The question of acceptance on the part of the town, we think, is effectively disposed of by the grant from Freer for highway purposes, useless unless used, in connection with the War dwell road, by the repeated acts of maintenance and-repair and the acquiescence in general public use as a highway for more than twenty years. It was not necessary that either dedication or acceptance should consist of a formal act. By the mere lapse of time, authorized use ripens into a right and the effect is the same as a recorded act. (Highway Law, § 209.) If so established, the highway could not *600be discontinued or abandoned by neglect without resort to legal proceedings prescribed by statute. (Highway Law, § 191 et seq., as amd.; Id. § 234, as amd. by Laws of 1915, chap. 322.) The acts of present owners of adjacent lands disavowing the earlier dedication and seeking to prevent its use can have no legal effect. (People ex rel. DeGroat v. Marlett, 41 Misc. 151; affd., 94 App. Div. 592; Driggs v. Phillips, 103 N. Y. 77; Amsbey v. Hinds, 46 Barb. 622; affd., 48 N. Y. 57.) There seems no essential thing lacking to establish the legality of this highway. If the time has come when its useful purpose is ended, it must be discontinued by legal methods and not by the arbitrary acts and summary judgment of interested individuals.

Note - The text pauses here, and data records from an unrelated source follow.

Lemma reachable_origin k : reachable k (nseq (dimn k) false).
Proof. by elim: k => // k IH; rewrite dimnS nseqD reachable_cat ?size_nseq. Qed.

(* With N = dimn k, M = Mk k and S = count id x, the tail gains of 0000, 1000, 1100, 1110
   and 1111 are 0, M((N+1)S - N^2), MN^2 + 4MN - 1 - M(N-1)S, MN^2 + 4MN - (M(N-1)+4)S
   and 2MN^2 + 4MN. *)
Lemma tail_step k x p q : size x = dimn k -> size q = 4 -> reachable k.+1 (x ++ p) ->
  hamming p q = 1%N -> tail_gain k p (count id x) < tail_gain k q (count id x) ->
  reachable k.+1 (x ++ q).
Proof.
move=> sx sq; rewrite !reachable_cat //.
have M_gt0 := Mk_gt0 k; have N_gt1 := dimn_gt1 k.
have S_leN := count_size id x; rewrite sx in S_leN.
have reach0 : count id x == 0%N -> reachable k x.
  by move/eqP/count_id_eq0; rewrite sx => ->; apply: reachable_origin.
case: p => [|[] [|[] [|[] [|[] []]]]] //=.
all: case: q sq => [|[] [|[] [|[] [|[] []]]]] //= _.
all: rewrite /hamming /tail_gain /xi /= => // hx _ gain; try exact: reach0.
all: try apply/eqP; move: gain hx; rewrite ?(mulr1, mulr0, subr0, addr0).
all: move: (count id x) (dimn k) (Mk k) S_leN N_gt1 M_gt0 => S N M; clear; nia.
Qed.

Definition ascent_closed k :=
  forall u v, size u = dimn k -> size v = dimn k -> reachable k u ->
  hamming u v = 1%N -> fk k u < fk k v -> reachable k v.

Lemma head_step k x y p : ascent_closed k ->
  size x = dimn k -> size y = dimn k -> reachable k.+1 (x ++ p) ->
  hamming x y = 1%N -> fk k.+1 (x ++ p) < fk k.+1 (y ++ p) -> reachable k.+1 (y ++ p).
Proof.
move=> closed_k sx sy; rewrite !fk_cat // !reachable_cat // => reach_x xy.
have M_gt0 := Mk_gt0 k; have N_gt1 := dimn_gt1 k.
have Sy_leN := count_size id y; rewrite sy in Sy_leN.
have range := fk_range sy sx.
have Sxy := hamming1_count (etrans sx (esym sy)) xy.
case: p reach_x => [|[] [|[] [|[] [|[] []]]]] //= reach_x; rewrite /tail_gain /xi /= => gain.
all: try by apply: (closed_k x) => //; lia.
all: exfalso; move/eqP: reach_x gain; rewrite ?(mulr1, mulr0, subr0, addr0).
all: case: Sxy; move: range M_gt0 N_gt1 Sy_leN.
all: move: (fk k x) (fk k y) (Mk k) (dimn k) (count id x) (count id y).
all: by move=> fx fy M N Sx Sy; clear; nia.
Qed.

Lemma reachable_closed k : ascent_closed k.
Proof.
elim: k => [u v *|k IH u v]; first by rewrite /reachable.
move=> /dimnS_cat [x sx [p sp ->]] /dimnS_cat [y sy [q sq ->]] reach.
rewrite hamming_cat ?sx ?sy // => xpyq.
have [[xy pq]|[xy pq]] :
    hamming x y = 0%N /\ hamming p q = 1%N \/ hamming x y = 1%N /\ hamming p q = 0%N by lia.
- have <- : x = y by apply: hamming0_eq; rewrite ?sx ?sy.
  by rewrite !fk_cat // ltrD2l; apply: tail_step.
- have <- : p = q by apply: hamming0_eq; rewrite ?sp ?sq.
  exact: head_step.
Qed.

Definition fk_local_max k u :=
  forall v, size v = dimn k -> hamming u v = 1%N -> fk k v <= fk k u.

Definition reachable_max_top k :=
  forall u, size u = dimn k -> reachable k u -> fk_local_max k u -> u = nseq (dimn k) true.

Lemma reachable_max_topS k :
  reachable_max_top k -> reachable_max_top k.+1.
Proof.
move=> top_k u /dimnS_cat [x sx [p sp ->]]; rewrite reachable_cat // => reach_x lmax.
have M_gt0 := Mk_gt0 k; have N_gt1 := dimn_gt1 k.
have S_leN := count_size id x; rewrite sx in S_leN.
have tail_nb q : size q = 4 -> hamming p q = 1%N ->
    tail_gain k q (count id x) <= tail_gain k p (count id x).
  move=> sq pq; have := lmax (x ++ q); rewrite !fk_cat // lerD2l; apply.
    by rewrite size_cat sx sq dimnS.
  by rewrite hamming_cat // hammingii.
have head_nb y : size y = dimn k -> hamming x y = 1%N ->
    fk k y + tail_gain k p (count id y) <= fk k x + tail_gain k p (count id x).
  move=> sy xy; rewrite -!fk_cat //; apply: lmax.
    by rewrite size_cat sy sp dimnS.
  by rewrite hamming_cat ?sx ?sy // hammingii addn0.
have top_x : reachable k x -> (forall s, tail_gain k p s = tail_gain k p 0) ->
    x = nseq (dimn k) true.
  by move=> reach flat; apply: top_k => // y sy /(head_nb y sy); rewrite !flat lerD2r.
rewrite dimnS nseqD; clear lmax.
case: p sp reach_x tail_nb head_nb top_x => [|[] [|[] [|[] [|[] []]]]] //=
  _ reach_x tail_nb head_nb top_x.
- by rewrite top_x // => s; rewrite /tail_gain /xi /=; ring.
- exfalso; have := tail_nb [:: true; true; true; true] erefl erefl.
  rewrite /tail_gain /xi /= (eqP reach_x) ?(mulr1, mulr0, subr0, addr0).
  move: (Mk k) (dimn k) M_gt0 N_gt1 => M N; clear; nia.
- exfalso; case: (posnP (count id x)) => [S0|S_gt0].
    have := tail_nb [:: true; true; true; false] erefl erefl.
    by rewrite /tail_gain /xi /= S0 ?(mulr1, mulr0, subr0, addr0); lia.
  (* Dropping a one of the head gains M(N-1) in the tail and loses less than M in fk. *)
  have [y sy [xy Sy]] := exists_hamming1_pred S_gt0; rewrite sx in sy.
  have := head_nb y sy xy; have := fk_range sx sy.
  rewrite /tail_gain /xi /= -Sy ?(mulr1, mulr0, subr0, addr0).
  move: (fk k x) (fk k y) (Mk k) (dimn k) (count id y) M_gt0 N_gt1 => fx fy M N S; clear; nia.
- exfalso; have := tail_nb [:: true; true; false; false] erefl erefl.
  rewrite /tail_gain /xi /= (eqP reach_x) ?(mulr1, mulr0, subr0, addr0).
  move: (Mk k) (dimn k) M_gt0 N_gt1 => M N; clear; nia.
- exfalso; have S_N : count id x = dimn k.
    by rewrite top_x // ?count_nseq ?mul1n // => s; rewrite /tail_gain /xi /=; ring.
  have := tail_nb [:: true; false; false; false] erefl erefl.
  rewrite /tail_gain /xi /= S_N ?(mulr1, mulr0, subr0, addr0).
  move: (Mk k) (dimn k) M_gt0 N_gt1 => M N; clear; nia.
Qed.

We differ, therefore, from the conclusions reached by the learned referee on the merits and not as a matter of discretion. We find the highway with lands dedicated by one owner to a public use and by another through purchase. We find the continuous, convenient use by the public for a long period of time as highways are customarily used. We find the town authorities contributing to its maintenance and repair and accepting and adopting it as a highway.

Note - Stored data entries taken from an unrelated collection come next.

Variable B : R.
Hypothesis HB1 : (1 <= B)%R.
Hypothesis HB : forall x k, (Cmod x <= Cmod (q * a))%R -> (1 <= B * Cmod (qpochC x q k))%R.

Lemma Cmod_poch_rem_le i n :
  (Cmod (poch_rem q (a * q ^ i) n) <= B * Cmod (q * a) ^ S n * Cmod q ^ i)%R.
Proof.
  set (r := Cmod q) in *. set (s := Cmod (q * a)) in *. set (y := a * q ^ i).
  assert (Hr : (0 <= r)%R) by apply Cmod_ge_0. assert (Hs : (0 <= s)%R) by apply Cmod_ge_0.
  assert (Cy : (Cmod y * r = s * r ^ i)%R).
  { unfold y, s, r. rewrite <- Cmod_pow, <- !Cmod_mult. f_equal. ring. }
  assert (HI : (Cmod (/ qpochC (q * y) q (S n)) <= B)%R) by (apply Cmod_inv_le, HB, Cmod_q_dilated_le).
  assert (Hri : (0 <= r ^ i <= 1)%R) by (split; [apply pow_le | apply pow_le_one]; lra).
  assert (Hy : (Cmod y ^ S n * r ^ tri (S n) <= s ^ S n * r ^ i)%R).
  { apply Rle_trans with (Cmod y ^ S n * r ^ S n)%R.
    - apply Rmult_le_compat_l; [apply pow_le, Cmod_ge_0|].
      apply pow_le_pow_decr; [lra | apply le_tri].
    - rewrite <- Rpow_mult_distr, Cy. apply pow_mult_S_le; lra. }
  unfold poch_rem, Cdiv. rewrite !Cmod_mult, !Cmod_pow, Cmod_opp. fold r.
  assert (0 <= Cmod (/ qpochC (q * y) q (S n)))%R by apply Cmod_ge_0.
  assert (0 <= s ^ S n * r ^ i)%R by (apply Rmult_le_pos; [apply pow_le|]; lra).
  apply Rle_trans with (s ^ S n * r ^ i * B)%R; [|right; ring].
  apply Rmult_le_compat; auto. apply Rmult_le_pos; apply pow_le; [apply Cmod_ge_0 | lra].
Qed.

Lemma Cmod_poch_term_dilated_le m k :
  (Cmod (poch_term q (a * q ^ S m) (S k)) <= B * Cmod q ^ m / (1 - Cmod q) * Cmod (q * a) ^ k)%R.
Proof.
  set (r := Cmod q) in *. set (s := Cmod (q * a)) in *. set (x := a * q ^ S m). set (n := S k).
  assert (Hr : (0 <= r)%R) by apply Cmod_ge_0. assert (Hs : (0 <= s)%R) by apply Cmod_ge_0.
  assert (HI : (Cmod (/ (qpochC (q * x) q n * (1 - q ^ n))) <= B * / (1 - r))%R).
  { assert (H1 := HB (q * x) n (Cmod_q_dilated_le _)).
    apply Cmod_inv_mult_le; auto; [lra | left; apply Rinv_0_lt_compat; lra |].
    assert (H2 := Cmod_1_minus_pow_ge q n Hq ltac:(lia)). fold r in H2.
    apply (Rmult_le_reg_l (1 - r)); [lra|]. rewrite <- Rmult_assoc, Rinv_r by lra. lra. }
  assert (Hrm : (0 <= r ^ m <= 1)%R) by (split; [apply pow_le | apply pow_le_one]; lra).
  assert (Hx : (Cmod x ^ n <= r ^ m * s ^ k)%R).
  { apply Rle_trans with ((s * r ^ m) ^ n)%R.
    - apply pow_incr. split; [apply Cmod_ge_0 | apply Cmod_dilated_le].
    - eapply Rle_trans; [apply pow_mult_S_le; lra|]. rewrite Rmult_comm.
      apply Rmult_le_compat_l; [lra | apply pow_le_pow_decr; [lra | lia]]. }
  assert (Hqt : (r ^ tri n <= 1)%R) by (apply pow_le_one; lra).
  unfold poch_term, Cdiv. rewrite !Cmod_mult, !Cmod_pow, Cmod_opp. fold r.
  assert (0 <= r ^ tri n)%R by (apply pow_le; lra).
  assert (0 <= Cmod x ^ n)%R by (apply pow_le, Cmod_ge_0).
  assert (0 <= r ^ m * s ^ k)%R by (apply Rmult_le_pos; [lra | apply pow_le; lra]).
  apply Rle_trans with (1 * (r ^ m * s ^ k) * (B * / (1 - r)))%R; [|right; unfold Rdiv; ring].
  apply Rmult_le_compat; try apply Rmult_le_pos; auto using Cmod_ge_0.
  apply Rmult_le_compat; auto.
Qed.

End Dilation_remainders.

Lemma lambert_cv_of_poch_cv q a L : (Cmod q < 1)%R -> (Cmod (q * a) < 1)%R ->
  Ccv (poch_psum q a) L -> Ccv (f2_lambert_psum q a) L.
Proof.
  intros Hq Ha HL. set (r := Cmod q) in *. set (s := Cmod (q * a)) in *.
  assert (Hr : (0 <= r)%R) by apply Cmod_ge_0. assert (Hs : (0 <= s)%R) by apply Cmod_ge_0.
  destruct (qpochC_bounded q s Hq (conj Hs Ha)) as [B [HB1 HB]].
  apply (Ccv_close _ _ L (fun m => B * (s * s) / (1 - r) * s ^ m + B / (1 - r) / (1 - s) * r ^ m)%R HL).
  { apply eventually_small_plus; apply geom_eventually_small; try lra;
      repeat apply Rdiv_le_0_compat; try apply Rmult_le_pos; nra. }
  intros m. rewrite (poch_psum_lambert q a (S m) (S m) Hq Ha).
  eapply Rle_trans; [apply Cmod_triangle|]. rewrite Cmod_opp. apply Rplus_le_compat.
  - replace (B * (s * s) / (1 - r) * s ^ m)%R with (B * s ^ S (S m) / (1 - r))%R by (simpl; field; lra).
    apply Cmod_csum_geom_le; [apply Rmult_le_pos; [lra | apply pow_le; lra] | lra |].
    intros i _. apply Cmod_poch_rem_le; auto. intros x k Hx. apply HB. exact Hx.
  - replace (B / (1 - r) / (1 - s) * r ^ m)%R with (B * r ^ m / (1 - r) / (1 - s))%R by (field; lra).
    apply Cmod_csum_geom_le; [apply Rdiv_le_0_compat; [apply Rmult_le_pos; [lra | apply pow_le]|]; lra | lra |].
    intros k _. apply Cmod_poch_term_dilated_le; auto. intros x j Hx. apply HB. exact Hx.
Qed.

The practice adopted in the proceedings was somewhat irregular but, as the parties stipulated in relation thereto and proceeded without objection, we will not on this appeal give consideration to questions of irregularity in the methods adopted. (Matter of New York, L. & W. R. R. Co., 98 N. Y. 447, 453; Civ. Prac. Act, § 105.)

The final order (called in the record “ judgment ”) should be reversed on the law and the facts, and the application for a peremptory order of mandamus should be granted, with costs in this court and in the court below against all respondents except respondent Donovan. The proceeding may be remitted to Special Term to issue and enforce the order.

Certain findings of fact are reversed and all conclusions of law are disapproved. Other, findings proposed by the relator will be made. These will be stated in the decision and order.

Van Kirk, P. J., Whitmyer, Hill and Hasbrouck, JJ., concur.

Final order reversed on the law and facts, and application for a peremptory order of mandamus granted, with costs in this court and in the court below against all respondents except respondent Donovan. The proceeding is remitted to Special Term to issue and enforce the order.

Findings of fact Nos. 14, 16, 17, 19, 20, 21, 22, 23, 24, 27 and 28 are reversed, and all conclusions of law are disapproved. The court finds relator’s proposed findings of fact Nos. 4, 5, 6, 10, 13, 15, 16, 18, 19, 22, 25, 26, 27, 28, 29, 30, 31, 32, 35, 36, 39, 40, 41, 42, 43, 44, 45, 46, 47, 48, 49, 50, 52, 53, 54, 55, 56, 57, 58, 63, 64, 66, 68, 70, 72, 74, 80, 84, 86, 87, 88, 89, 90, and all conclusions of law.